Internet of Medical Things devices are making healthcare providers more susceptible to cyberattacks.
Even though these medical devices open a new world of possibilities for helping healthcare organizations provide better care, they are likely to be targeted by hackers, according to a new report from data security firm Irdeto.
In fact, 82 percent of Irdeto-surveyed healthcare organizations reported experiencing an IoT cyberattack.
Research found that operational downtime is the most common impact of a cyberattack, which in itself is likely to compromise patient safety, particularly for providers of critical care.
Healthcare organizations are well aware of the risks and where the key cyber security vulnerabilities exist within their infrastructures, but they do not necessarily have all the tools to address the vulnerabilities.
The most vulnerabilities within provider organizations include the IT network, mobile devices and accompanying apps, and IoT devices, suggesting that network security is no longer enough to prevent significant damage so providers need to factor security at both the app and device level into their strategy.
Further, both device manufacturers and the users of Iot devices acknowledge they need to improve security. Failure to address vulnerabilities could result in an attack with an average financial impact of more than $340,000 according to the Irdeto survey.

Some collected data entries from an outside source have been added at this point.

Lemma inner_nonneg {n} (x : vec n) : 0 <= inner x x.
Proof.
  unfold inner; induction n as [|n IH]; simpl; [lra|].
  specialize (IH (fun i => x (Fin.FS i))); simpl in IH; nra.
Qed.

Lemma inner_eq0 {n} (x : vec n) : inner x x = 0 -> x = vzero.
Proof.
  intros H; apply vec_ext; unfold vzero.
  induction n as [|n IH]; intros i; [inversion i|].
  pose proof (inner_nonneg (fun i => x (Fin.FS i))) as Htail.
  unfold inner in H, Htail; simpl in H.
  assert (H1 : x Fin.F1 = 0) by nra.
  assert (H2 : forall j, x (Fin.FS j) = 0)
    by (apply (IH (fun j => x (Fin.FS j))); unfold inner; nra).
  pattern i; apply Fin.caseS'; [exact H1 | exact H2].
Qed.

Lemma inner_pos {n} (x : vec n) : x <> vzero -> 0 < inner x x.
Proof.
  intros H; destruct (inner_nonneg x) as [|E]; [assumption|].
  exfalso; apply H, inner_eq0; auto.
Qed.

Lemma norm2_sq {n} (x : vec n) : norm2 x ^ 2 = inner x x.
Proof. unfold norm2; simpl; rewrite Rmult_1_r; apply sqrt_sqrt, inner_nonneg. Qed.

Lemma norm2_scal {n} s (x : vec n) : norm2 (vscal s x) = Rabs s * norm2 x.
Proof.
  unfold norm2; rewrite inner_scall, inner_scalr, <- Rmult_assoc.
  rewrite sqrt_mult by (nra || apply inner_nonneg).
  rewrite <- Rsqr_def, sqrt_Rsqr_abs; reflexivity.
Qed.

Lemma inner_sub_swap {n} (x y : vec n) :
  inner (vsub x y) (vsub x y) = inner (vsub y x) (vsub y x).
Proof. apply sumFin_ext; intros; unfold vsub; ring. Qed.

(* Peter-Paul inequality, from [0 <= |x - c y|^2]. *)
Lemma two_mul_inner_le {n} (x y : vec n) c :
  2 * c * inner x y <= inner x x + c ^ 2 * inner y y.
Proof.
  pose proof (inner_nonneg (vsub x (vscal c y))) as H.
  inner_expand; rewrite (inner_sym y x) in H; nra.
Qed.

Lemma derivable_pt_lim_line {n} (f : vec n -> R) g (p d : vec n) t :
  is_gradient f g ->
  derivable_pt_lim (fun s => f (vadd p (vscal s d))) t (inner (g (vadd p (vscal t d))) d).
Proof.
  intros Hgrad.
  set (q := vadd p (vscal t d)).
  assert (Hshift : forall s, vadd p (vscal (t + s) d) = vadd q (vscal s d))
    by (intros s; apply vec_ext; intros i; unfold q, vadd, vscal; ring).
  destruct (inner_nonneg d) as [Hd | Hd].
  - assert (Hnd : 0 < norm2 d) by (apply sqrt_lt_R0; exact Hd).
    intros eps Heps.
    destruct (Hgrad q (eps / (2 * norm2 d))) as (delta & Hdelta & Hq).
    { apply Rdiv_lt_0_compat; lra. }
    assert (Hpos : 0 < delta / norm2 d) by (apply Rdiv_lt_0_compat; lra).
    exists (mkposreal _ Hpos); simpl; intros s Hs0 Hs.
    assert (Habs : 0 < Rabs s) by (apply Rabs_pos_lt; exact Hs0).
    assert (Hsmall : Rabs s * norm2 d < delta).
    { apply (Rmult_lt_compat_r (norm2 d)) in Hs; [|exact Hnd].
      unfold Rdiv in Hs; rewrite Rmult_assoc, Rinv_l in Hs; lra. }
    specialize (Hq (vscal s d)); rewrite norm2_scal, inner_scalr in Hq.
    specialize (Hq (conj (Rmult_lt_0_compat _ _ Habs Hnd) Hsmall)).
    cbv beta; fold q; rewrite Hshift.
    replace ((f (vadd q (vscal s d)) - f q) / s - inner (g q) d)
      with ((f (vadd q (vscal s d)) - f q - s * inner (g q) d) / s) by (field; exact Hs0).
    unfold Rdiv; rewrite Rabs_mult, Rabs_inv.
    apply (Rmult_lt_reg_r (Rabs s)); [exact Habs|].
    rewrite Rmult_assoc, Rinv_l by lra.
    replace (eps / (2 * norm2 d) * (Rabs s * norm2 d)) with (eps / 2 * Rabs s) in Hq
      by (field; lra).
    nra.
  - assert (Hd0 : d = vzero) by (apply inner_eq0; auto).
    assert (Hconst : forall s, vadd p (vscal s d) = p)
      by (intros s; apply vec_ext; intros i; rewrite Hd0; unfold vadd, vscal, vzero; ring).
    assert (Hzero : inner (g q) d = 0).
    { replace d with (vscal 0 d)
        by (apply vec_ext; intros i; rewrite Hd0; unfold vscal, vzero; ring).
      rewrite inner_scalr; ring. }
    fold q; rewrite Hzero.
    replace (fun s => f (vadd p (vscal s d))) with (fun _ : R => f p)
      by (apply functional_extensionality; intros s; rewrite Hconst; reflexivity).
    apply derivable_pt_lim_const.
Qed.
(* Let $\mathcal{K}$ be a set of compact, orthogonally convex subsets of $\mathbb{R}^n$ that contains every singleton $\{x\}$ and satisfies $X+I\in\mathcal{K}$ whenever $X\in\mathcal{K}$ and $I$ is a compact interval. Then every monotone translation-invariant valuation on $\mathcal{K}$ is continuous with respect to the Hausdorff metric.
   Context: A subset $X\subseteq\mathbb{R}^n$ is orthogonally convex if $X\cap L$ is convex for every straight line $L$ parallel to a coordinate axis. An interval in $\mathbb{R}^n$ is a product of intervals in $\mathbb{R}$; $+$ is Minkowski sum. A valuation on $\mathcal{K}$ is a function $\phi\colon\mathcal{K}\to\mathbb{R}$ with $\phi(\emptyset)=0$ and $\phi(X\cup Y)=\phi(X)+\phi(Y)-\phi(X\cap Y)$ whenever $X,Y,X\cup Y,X\cap Y\in\mathcal{K}$. It is increasing if $X\subseteq Y$ implies $\phi(X)\le\phi(Y)$, monotone if $\phi$ or $-\phi$ is increasing, and translation-invariant if $\phi(X+a)=\phi(X)$ for all $X\in\mathcal{K}$, $a\in\mathbb{R}^n$. The Hausdorff distance between compact $X,Y$ is $\inf\{\delta>0: X\subseteq Y+\delta B_n,\ Y\subseteq X+\delta B_n\}$ with $B_n$ the closed unit ball of the $\ell_1$ norm (any norm gives the same notion of continuity). *)

From HB Require Import structures.
From mathcomp Require Import all_boot all_order all_algebra.
From mathcomp Require Import all_classical all_reals all_analysis.
Set Implicit Arguments. Unset Strict Implicit. Unset Printing Implicit Defensive.
Import Order.TTheory GRing.Theory Num.Theory.
Import numFieldNormedType.Exports.
Local Open Scope classical_set_scope.
Local Open Scope ring_scope.

Section Defs.
Variables (R : realType) (n : nat).
Local Notation V := 'rV[R]_n.

Definition mink_sum (X Y : set V) : set V :=
  [set z | exists x y, X x /\ Y y /\ z = x + y].

Definition sscale (d : R) (X : set V) : set V := [set d *: x | x in X].

Definition l1_ball : set V := [set x | \sum_(i < n) `|x ord0 i| <= 1].

(* Hausdorff distance (extended real; +oo if no delta works) *)
Definition hausdorff_dist (X Y : set V) : \bar R :=
  ereal_inf [set d%:E | d in
    [set d : R | 0 < d /\ X `<=` mink_sum Y (sscale d l1_ball)
                       /\ Y `<=` mink_sum X (sscale d l1_ball)]].

Definition convex_set (S : set V) : Prop :=
  forall x y, S x -> S y -> forall t : R, 0 <= t <= 1 ->
    S ((1 - t) *: x + t *: y).

Definition unitv (i : 'I_n) : V := \row_(j < n) (if j == i then 1 else 0).

Definition axis_line (a : V) (i : 'I_n) : set V := [set a + t *: unitv i | t in [set: R]].

Definition orth_convex (X : set V) : Prop :=
  forall a i, convex_set (X `&` axis_line a i).

Definition compact_interval (I : set V) : Prop :=
  exists a b : V, (forall i, a ord0 i <= b ord0 i) /\
    I = [set x | forall i, a ord0 i <= x ord0 i <= b ord0 i].

Definition is_valuation (K : set (set V)) (phi : set V -> R) : Prop :=
  (K set0 -> phi set0 = 0) /\
  (forall X Y, K X -> K Y -> K (X `|` Y) -> K (X `&` Y) ->
     phi (X `|` Y) = phi X + phi Y - phi (X `&` Y)).

Definition increasing_on (K : set (set V)) (phi : set V -> R) : Prop :=
  forall X Y, K X -> K Y -> X `<=` Y -> phi X <= phi Y.

Definition monotone_on (K : set (set V)) (phi : set V -> R) : Prop :=
  increasing_on K phi \/ increasing_on K (fun X => - phi X).

Definition translation_invariant (K : set (set V)) (phi : set V -> R) : Prop :=
  forall X a, K X -> phi (mink_sum X [set a]) = phi X.

Definition hausdorff_continuous (K : set (set V)) (phi : set V -> R) : Prop :=
  forall X, K X -> forall e : R, 0 < e -> exists2 d : R, 0 < d &
    forall Y, K Y -> (hausdorff_dist X Y < d%:E)%E -> `|phi X - phi Y| < e.

End Defs.

From HB Require Import structures.
From mathcomp Require Import all_boot all_order all_algebra.
From mathcomp Require Import all_classical all_reals all_analysis.
From mathcomp Require Import ring lra.
Import Order.TTheory GRing.Theory Num.Theory.
Import numFieldNormedType.Exports.
Local Open Scope classical_set_scope.
Local Open Scope ring_scope.
Set Implicit Arguments. Unset Strict Implicit.

(* For [Z] in [K] and an axis [i], the map [r |-> phi (Z + [0, r] e_i) - phi Z]
   is additive on [r >= 0]: the valuation identity applies to two adjacent
   prisms, which meet in a translate of [Z] by orthogonal convexity.  So the
   increment along a segment of length [1/m] is [1/m] of the increment along a
   unit segment, and the latter is bounded by monotonicity uniformly for sets
   near a fixed [X].  Adding the cube [[0, 1/m]^n] one axis at a time thus
   raises [phi] by at most [C/m].  If [Y] is within [1/(2m)] of [X] in the
   Hausdorff metric, a translate of [X] lies in [Y + [0, 1/m]^n] and
   vice versa, whence [|phi X - phi Y| <= C/m].  Decreasing valuations are
   handled through [-phi]. *)

Section Geometry.
Variables (R : realType) (n : nat).
Local Notation V := 'rV[R]_n.
Local Notation e := (@unitv R n).

Definition box (a b : V) : set V :=
  [set x | forall j, a ord0 j <= x ord0 j <= b ord0 j].

Definition axis_segment (i : 'I_n) (a b : R) : set V :=
  [set r *: e i | r in [set r : R | a <= r <= b]].

Definition prism (Z : set V) (i : 'I_n) (r : R) : set V :=
  mink_sum Z (axis_segment i 0 r).

Lemma compact_interval_box (a b : V) :
  (forall j, a ord0 j <= b ord0 j) -> compact_interval (box a b).
Proof. by move=> ab; exists a, b. Qed.

Lemma compact_interval_set1 (a : V) : compact_interval [set a].
Proof.
have -> : [set a] = box a a.
  apply/seteqP; split=> x /=; first by move=> -> j; rewrite lexx.
  by move=> xa; apply/rowP=> j; apply/eqP; rewrite eq_le andbC.
by apply: compact_interval_box.
Qed.

Lemma compact_interval_axis_segment i a b :
  a <= b -> compact_interval (axis_segment i a b).
Proof.
move=> ab; exists (a *: e i), (b *: e i); split.
  by move=> j; rewrite !mxE; case: (j == i); rewrite ?mulr1 ?mulr0.
apply/seteqP; split=> x /=.
  case=> r /= /andP[ar rb] <- j; rewrite !mxE.
  by case: (j == i); rewrite ?mulr1 ?mulr0 ?lexx // ar rb.
move=> hx; exists (x ord0 i); first by move: (hx i); rewrite !mxE eqxx !mulr1.
apply/rowP=> j; rewrite !mxE; have [->|ji] := eqVneq j i; first by rewrite mulr1.
by move: (hx j); rewrite !mxE (negbTE ji) !mulr0 => /andP[? ?]; lra.
Qed.

Lemma mink_sum_set1P (Z : set V) (a z : V) : mink_sum Z [set a] z <-> Z (z - a).
Proof.
split; first by case=> x [y [Zx [-> ->]]]; rewrite addrK.
by move=> Zza; exists (z - a), a; rewrite subrK.
Qed.

Lemma prismU (Z : set V) i s t : 0 <= s -> 0 <= t ->
  prism Z i s `|` mink_sum Z (axis_segment i s (s + t)) = prism Z i (s + t).
Proof.
move=> s0 t0; apply/seteqP; split=> z.
  by case=> -[x [_ [Zx [[r /andP[r1 r2] <-] ->]]]];
    exists x, (r *: e i); do !split=> //; exists r => //=; apply/andP; split; lra.
case=> x [_ [Zx [[r /andP[r1 r2] <-] ->]]].
have [rs|sr] := lerP r s; [left | right]; exists x, (r *: e i); do !split=> //.
  by exists r; rewrite //= r1 rs.
by exists r => //=; apply/andP; split; lra.
Qed.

“The benefits of connectivity in healthcare are clear for all to see, but this growth in connectivity brings vulnerabilities and hackers looking to steal sensitive medical data,” says Steeve Huin, vice president of strategic partnerships at Irdeto. “The industry is clearly aware of the cybersecurity issues it faces and it is now imperative that organizations up-skill and implement robust strategies to ensure patient safety and optimal care while preventing the extra costs that insurance companies must charge as a result of a cyberattack.”